The generated C source is promised to be C99 compatible.

It should also be functional when compiled using a C++ compiler.

Calling the exported kernels

Then, link the C file (mpm88.c) against your C/C++ project. Include the header file (mpm88.h) when Taichi kernels are called.

For example, calling kernel init_c6_0 can be implemented as follows:

#include "mpm88.h"

int main(void) {
    ...
    Tk_init_c6_0(&Ti_ctx);
    ...
}

Alternatively, if you need multiple Taichi contexts within one program:

extern "C" {  // if you use mpm88.c instead of renaming it to mpm88.cpp
#include "mpm88.h"
}

class MyRenderer {
  ...
  struct Ti_Context per_renderer_taichi_context;
  ...
};

MyRenderer::MyRenderer() {
  // allocate buffers on your own:
  per_renderer_taichi_context.root = malloc(...);
  ...
  Tk_init_c6_0(&per_renderer_taichi_context);
}

Specifying scalar arguments

To specify scalar arguments for kernels:

Ti_ctx.args[0].val_f64 = 3.14;  // first argument, float64
Ti_ctx.args[1].val_i32 = 233;  // second argument, int32
Tk_my_kernel_c8_0(&Ti_ctx);
double ret = Ti_ctx.args[0].val_f64;  // return value, float64

printf("my_kernel(3.14, 233) = %lf\n", ret);

Passing external arrays

To pass external arrays as arguments for kernels:

float img[640 * 480 * 3];

Ti_ctx.args[0].ptr_f32 = img;  // first argument, float32 pointer to array

// specify the shape of that array:
Ti_ctx.earg[0 * 8 + 0] = 640;  // img.shape[0]
Ti_ctx.earg[0 * 8 + 1] = 480;  // img.shape[1]
Ti_ctx.earg[0 * 8 + 2] = 3;    // img.shape[2]
Tk_matrix_to_ext_arr_c12_0(&Ti_ctx);

// note that the array used in Taichi is row-major:
printf("img[3, 2, 1] = %f\n", img[(3 * 480 + 2) * 3 + 1]);

Taichi.js (WIP)

Once you have C source file generated, you can compile them into Javascript or WASM via Emscripten.

We provide Taichi.js as an infrastructure for wrapping Taichi kernels for Javascript. See its README.md for the complete workflow.

Check out this page for online demos.

Calling Taichi kernels from Julia (WIP)

Once you have C source generated, you can then compile the C source into a shared object. Then it can be called from other langurages that provides a C interface, including but not limited to Julia, Matlab, Mathematica, Java, etc.

TODO: WIP.

Advanced features

Record kernel group hints

Suppose you have a program with lots of kernel.

To run this program in C or Javascript, you have to rewrite their names in the exact same order as they were in Python.

Not to say implicitly generated meta kernels like fill_tensor and clear_gradients which is invisible to end-users.

So you may find it hard and error-prone to figure out the correct launch order and mangled names.

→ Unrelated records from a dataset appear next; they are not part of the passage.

Lemma W_box v (g : pt -> R) :
  latsum (fun u => if zz_eqb u v then 0 else f (lat_norm2 B (zsub u v)) * g u)
  = lsum (box K) (fun w => f (lat_norm2 B w) * g (ptadd v w)).
Proof.
  unfold latsum. set (c := lsum (box K) (fun w => f (lat_norm2 B w) * g (ptadd v w))).
  rewrite (Lim_seq_ext_loc _ (fun _ => c)), Lim_seq_const; [reflexivity|].
  exists (K + Z.to_nat (Z.abs (fst v)) + Z.to_nat (Z.abs (snd v)))%nat. intros M HM.
  unfold boxsum. rewrite sumlist_lsum.
  rewrite (lsum_incl_eq pt_eq_dec (map (ptadd v) (box K))).
  - rewrite lsum_map. apply lsum_ext. intros w Hw.
    destruct (zz_eqb (ptadd v w) v) eqn:E.
    + apply zz_eqb_spec in E. unfold ptadd in E. destruct v, w; simpl in *. inversion E.
      replace z1 with 0%Z by lia. replace z2 with 0%Z by lia. rewrite lat_norm2_0, f0. ring.
    + do 3 f_equal. unfold zsub, ptadd. destruct v, w; simpl. f_equal; ring.
  - apply NoDup_map_NoDup_ForallPairs; [|apply NoDup_box].
    intros x y _ _ E. unfold ptadd in E. destruct x, y, v; simpl in *. inversion E. f_equal; lia.
  - apply NoDup_box.
  - intros u Hu. apply in_map_iff in Hu. destruct Hu as [w [<- Hw]]. rewrite in_box in *.
    destruct v, w; simpl in *. lia.
  - intros u Hu Hn. destruct (zz_eqb u v); [reflexivity|].
    rewrite f_outside_box; [ring|]. intros Hd. apply Hn, in_map_iff.
    exists (zsub u v). split; auto. unfold ptadd, zsub; destruct u, v; simpl; f_equal; ring.
Qed.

No worry, we provide a handy tool for such situation: you may guard the desired kernels with ti.RecordKernelGroup. For example:

import taichi as ti

ti.start_recording('record.yml')
ti.init(arch=ti.cc)

loss = ti.field(float, (), needs_grad=True)
x = ti.field(float, 233, needs_grad=True)


@ti.kernel
def compute_loss():
    for i in x:
        loss[None] += x[i]**2


@ti.kernel
def do_some_works():
    for i in x:
        x[i] -= x.grad[i]


with ti.RecordKernelGroup('my_substep'):  # HERE!
    x.fill(0)
    with ti.Tape(loss):
        compute_loss()
    do_some_works()

Then the ti cc_compose command will add a comment at the end of record.c as a hint of launch order:

// group my_substep: ['fill_tensor_c8_0', 'clear_gradients_c24_0', 'clear_gradients_c24_1', 'snode_writer_2', 'snode_writer_4', 'compute_loss_c4_0', 'compute_loss_c5_0_grad_grad', 'do_some_works_c6_0']

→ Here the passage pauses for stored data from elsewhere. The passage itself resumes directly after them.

(* Let $R$ be a commutative ring with $\mathbb{Q}\subseteq R$. Let $\mathcal{E}$ (resp. $\mathcal{F}$) be a finitely generated projective module over a commutative unital $R$-algebra $\mathcal{A}$ (resp. $\mathcal{B}$), with a symmetric, strongly nondegenerate, full inner product $\langle\cdot,\cdot\rangle_{\mathcal{E}}$ (resp. $\langle\cdot,\cdot\rangle_{\mathcal{F}}$). Let $m\in\mathcal{C}^3(\mathcal{E})$ be a Courant algebroid structure on $\mathcal{E}$. Let $\Phi:\mathcal{C}^\bullet(\mathcal{E})\to\mathcal{C}^\bullet(\mathcal{F})$ be a morphism of graded Poisson algebras, i.e. a homogeneous $R$-linear map of degree $0$ compatible with the products $\wedge$ and the brackets $[\cdot,\cdot]$, and write $\Phi_k=\Phi|_{\mathcal{C}^k(\mathcal{E})}$. Then: (i) $m'=\Phi(m)$ is a Courant algebroid structure on $\mathcal{F}$; (ii) $(\Phi_0,\Phi_1)$ is a morphism of Courant algebroids from $(\mathcal{E},m)$ to $(\mathcal{F},m')$; (iii) $\Phi$ induces a morphism $H^\bullet(\mathcal{C}(\mathcal{E}),\delta_m)\to H^\bullet(\mathcal{C}(\mathcal{F}),\delta_{m'})$ of cohomologies.
   Context: Strongly nondegenerate: $\mathcal{E}\to\operatorname{Hom}_{\mathcal{A}}(\mathcal{E},\mathcal{A})$ is an isomorphism. Full: every element of the algebra is a finite sum $\sum_i\langle x_i,y_i\rangle$. $\operatorname{Der}(\mathcal{A})$: $R$-linear derivations. $\mathcal{C}^0(\mathcal{E})=\mathcal{A}$ and $\mathcal{C}^1(\mathcal{E})=\mathcal{E}$. For $r\ge2$, $\mathcal{C}^r(\mathcal{E})$ is the set of $\mathsf{C}\in\operatorname{Hom}_R(\mathcal{E}^{\otimes_R(r-1)},\mathcal{E})$ admitting an $R$-multilinear symbol $\sigma_{\mathsf{C}}:\mathcal{E}^{\otimes(r-2)}\to\operatorname{Der}(\mathcal{A})$ with two properties: (1) $\sigma_{\mathsf{C}}(x_1,\dots,x_{r-2})\langle u,w\rangle=\langle\mathsf{C}(x_1,\dots,x_{r-2},u),w\rangle+\langle u,\mathsf{C}(x_1,\dots,x_{r-2},w)\rangle$; (2) for $r\ge3$ and $1\le i\le r-2$, $\langle\mathsf{C}(\dots,x_i,x_{i+1},\dots)+\mathsf{C}(\dots,x_{i+1},x_i,\dots),u\rangle=\sigma_{\mathsf{C}}(x_1,\dots,\widehat{x_i},\widehat{x_{i+1}},\dots,x_{r-1},u)\langle x_i,x_{i+1}\rangle$. The same definitions apply to $\mathcal{F}$ over $\mathcal{B}$. $i_x\mathsf{C}$ inserts $x$ in the first argument. $[\cdot,\cdot]$ is the unique $R$-bilinear graded skew-symmetric map $\mathcal{C}^r\times\mathcal{C}^s\to\mathcal{C}^{r+s-2}$ with: - $[a,b]=0$ and $[a,x]=0=[x,a]$; - $[x,y]=\langle x,y\rangle$; - $[\mathsf{D},a]=\sigma_{\mathsf{D}}(a)=-[a,\mathsf{D}]$ for $\mathsf{D}\in\mathcal{C}^2$; - $[\mathsf{C},x]=i_x\mathsf{C}=(-1)^{r+1}[x,\mathsf{C}]$ for $r\ge2$; - $[[\mathsf{C}_1,\mathsf{C}_2],x]=(-1)^s[[\mathsf{C}_1,x],\mathsf{C}_2]+[\mathsf{C}_1,[\mathsf{C}_2,x]]$. $\wedge$ is the unique degree-$0$ product with $a\wedge b=ab$, $a\wedge x=ax=x\wedge a$, and $[\mathsf{C}_1\wedge\mathsf{C}_2,x]=(-1)^s[\mathsf{C}_1,x]\wedge\mathsf{C}_2+\mathsf{C}_1\wedge[\mathsf{C}_2,x]$. These make $\mathcal{C}^\bullet$ a graded Poisson algebra of degree $-2$. A Courant algebroid structure on $\mathcal{E}$ is an element $m\in\mathcal{C}^3(\mathcal{E})$, i.e. a bracket $m:\mathcal{E}\otimes_R\mathcal{E}\to\mathcal{E}$ with anchor $\sigma_m:\mathcal{E}\to\operatorname{Der}(\mathcal{A})$, satisfying the Jacobi identity $m(x,m(y,z))=m(m(x,y),z)+m(y,m(x,z))$. Equivalently, $m\in\mathcal{C}^3(\mathcal{E})$ with $[m,m]=0$. Then $\delta_m=[m,\cdot]$ satisfies $\delta_m^2=0$, and $H^\bullet(\mathcal{C}(\mathcal{E}),\delta_m)$ denotes the cohomology of $(\mathcal{C}^\bullet(\mathcal{E}),\delta_m)$. A morphism of Courant algebroids $(\mathcal{E}_1,[\cdot,\cdot]_1,\sigma_1)\to(\mathcal{E}_2,[\cdot,\cdot]_2,\sigma_2)$ over $\mathcal{A}_1,\mathcal{A}_2$ is a pair of $R$-linear maps $(\phi:\mathcal{A}_1\to\mathcal{A}_2,\ \psi:\mathcal{E}_1\to\mathcal{E}_2)$ satisfying, for all $a,b\in\mathcal{A}_1$ and $x,y\in\mathcal{E}_1$: - $\phi(ab)=\phi(a)\phi(b)$; - $\psi(ax)=\phi(a)\psi(x)$; - $\psi([x,y]_1)=[\psi(x),\psi(y)]_2$; - $\phi(\sigma_1(x)a)=\sigma_2(\psi(x))\phi(a)$; - $\phi(\langle x,y\rangle_1)=\langle\psi(x),\psi(y)\rangle_2$. *)

From mathcomp Require Import all_boot all_algebra.
Set Implicit Arguments. Unset Strict Implicit. Unset Printing Implicit Defensive.
Import GRing.Theory.
Local Open Scope ring_scope.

This is the name of all the kernels launched within the ti.RecordGroupHint scope, sorted by launch order. Copy the list and somehow iterate them in C or Javascript and the launch order is exactly same as we had in Python, e.g.:

Tk_fill_tensor_c8_0(&Ti_ctx);
Tk_clear_gradients_c24_0(&Ti_ctx);
Tk_clear_gradients_c24_1(&Ti_ctx);
...

Record custom configuration

You may use ti.record_action_config to add some custom configuration variables:

ti.record_action_config('num_particles', 8192)
ti.record_action_config('window_title', 'Hello')
ti.record_action_config('delta_time', 0.01)

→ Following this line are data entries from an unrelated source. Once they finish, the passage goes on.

(* Let $\mathcal{C}=\mathcal{I}_{\beta_1}\oplus\mathcal{I}_{\beta_2}\oplus\dots\oplus\mathcal{I}_{\beta_u}$ be a $\lambda$-constacyclic code of length $n$ over $\mathbb{F}_q$, where $0\le\beta_1<\dots<\beta_u\le s$. Then $$N_{\langle\rho\rangle}(\mathcal{C}^{*})=\sum_{\substack{\{\gamma_1,\dots,\gamma_l\}\subseteq\{1,\dots,u\}\\ l\ge1,\ \gamma_1<\dots<\gamma_l}}\frac{\prod_{i=1}^{l}(q^{d_{\beta_{\gamma_i}}}-1)\cdot\gcd(1+t\alpha_{\beta_{\gamma_1}},\dots,1+t\alpha_{\beta_{\gamma_l}},n)}{tn}.$$ Moreover, the number of distinct nonzero Hamming weights of codewords of $\mathcal{C}$ is at most $N_{\langle\rho\rangle}(\mathcal{C}^{*})$, with equality if and only if for any two nonzero codewords $c_1,c_2\in\mathcal{C}$ of the same Hamming weight there exists an integer $j$ with $\rho^{j}(c_1)=c_2$.
   Context: Standing setup: $q$ is a prime power, $n$ a positive integer with $\gcd(n,q)=1$, $\lambda\in\mathbb{F}_q^{*}$ has multiplicative order $t$ (so $t\mid q-1$). $\mathcal{R}=\mathbb{F}_q[x]/\langle x^n-\lambda\rangle$; vectors $(c_0,\dots,c_{n-1})\in\mathbb{F}_q^n$ are identified with $c_0+c_1x+\dots+c_{n-1}x^{n-1}\in\mathcal{R}$, and a $\lambda$-constacyclic code of length $n$ is an ideal of $\mathcal{R}$. Let $\zeta$ be a primitive $tn$-th root of unity in an extension $\mathbb{F}_{q^m}$ with $\zeta^n=\lambda$, so $x^n-\lambda=\prod_{i=0}^{n-1}(x-\zeta^{1+ti})$. The set $\mathcal{S}=\{1+ti:0\le i\le n-1\}$ (residues mod $tn$) is partitioned into the distinct $q$-cyclotomic cosets modulo $tn$, $C_{1+t\alpha_j}=\{(1+t\alpha_j)q^{h}\bmod tn: h\ge 0\}$, $j=0,\dots,s$, with $0=\alpha_0<\alpha_1<\dots<\alpha_s\le n-1$ and $d_j=|C_{1+t\alpha_j}|$. Let $m_j(x)=\prod_{h\in C_{1+t\alpha_j}}(x-\zeta^{h})$ (irreducible over $\mathbb{F}_q$), and let $\mathcal{I}_j$ be the ideal of $\mathcal{R}$ generated by $(x^n-\lambda)/m_j(x)$; this is an irreducible $\lambda$-constacyclic code of dimension $d_j$, said to correspond to the coset $C_{1+t\alpha_j}$, and $\mathcal{R}=\mathcal{I}_0\oplus\dots\oplus\mathcal{I}_s$. The cyclic shift $\rho:\mathcal{R}\to\mathcal{R}$ is $\rho(c(x))=xc(x)$, i.e. $(c_0,\dots,c_{n-1})\mapsto(\lambda c_{n-1},c_0,\dots,c_{n-2})$; $\langle\rho\rangle$ is the cyclic group it generates, of order $tn$. $\mathcal{C}^{*}=\mathcal{C}\setminus\{0\}$, and for a group $G$ acting on a finite set $X$, $N_G(X)$ denotes the number of $G$-orbits on $X$. *)

From HB Require Import structures.
From mathcomp Require Import all_boot all_order all_algebra all_field.
Set Implicit Arguments.
Unset Strict Implicit.
Unset Printing Implicit Defensive.
Import GRing.Theory.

They will result in several global constant variables in the output C program:

const int Ti_cfg_num_particles = 8192;
const char Ti_cfg_window_title[] = "Hello";
const float Ti_cfg_delta_time = 0.01;

They will also be declared in the output C header.

Use them to pass configurations from Python directly to the C side.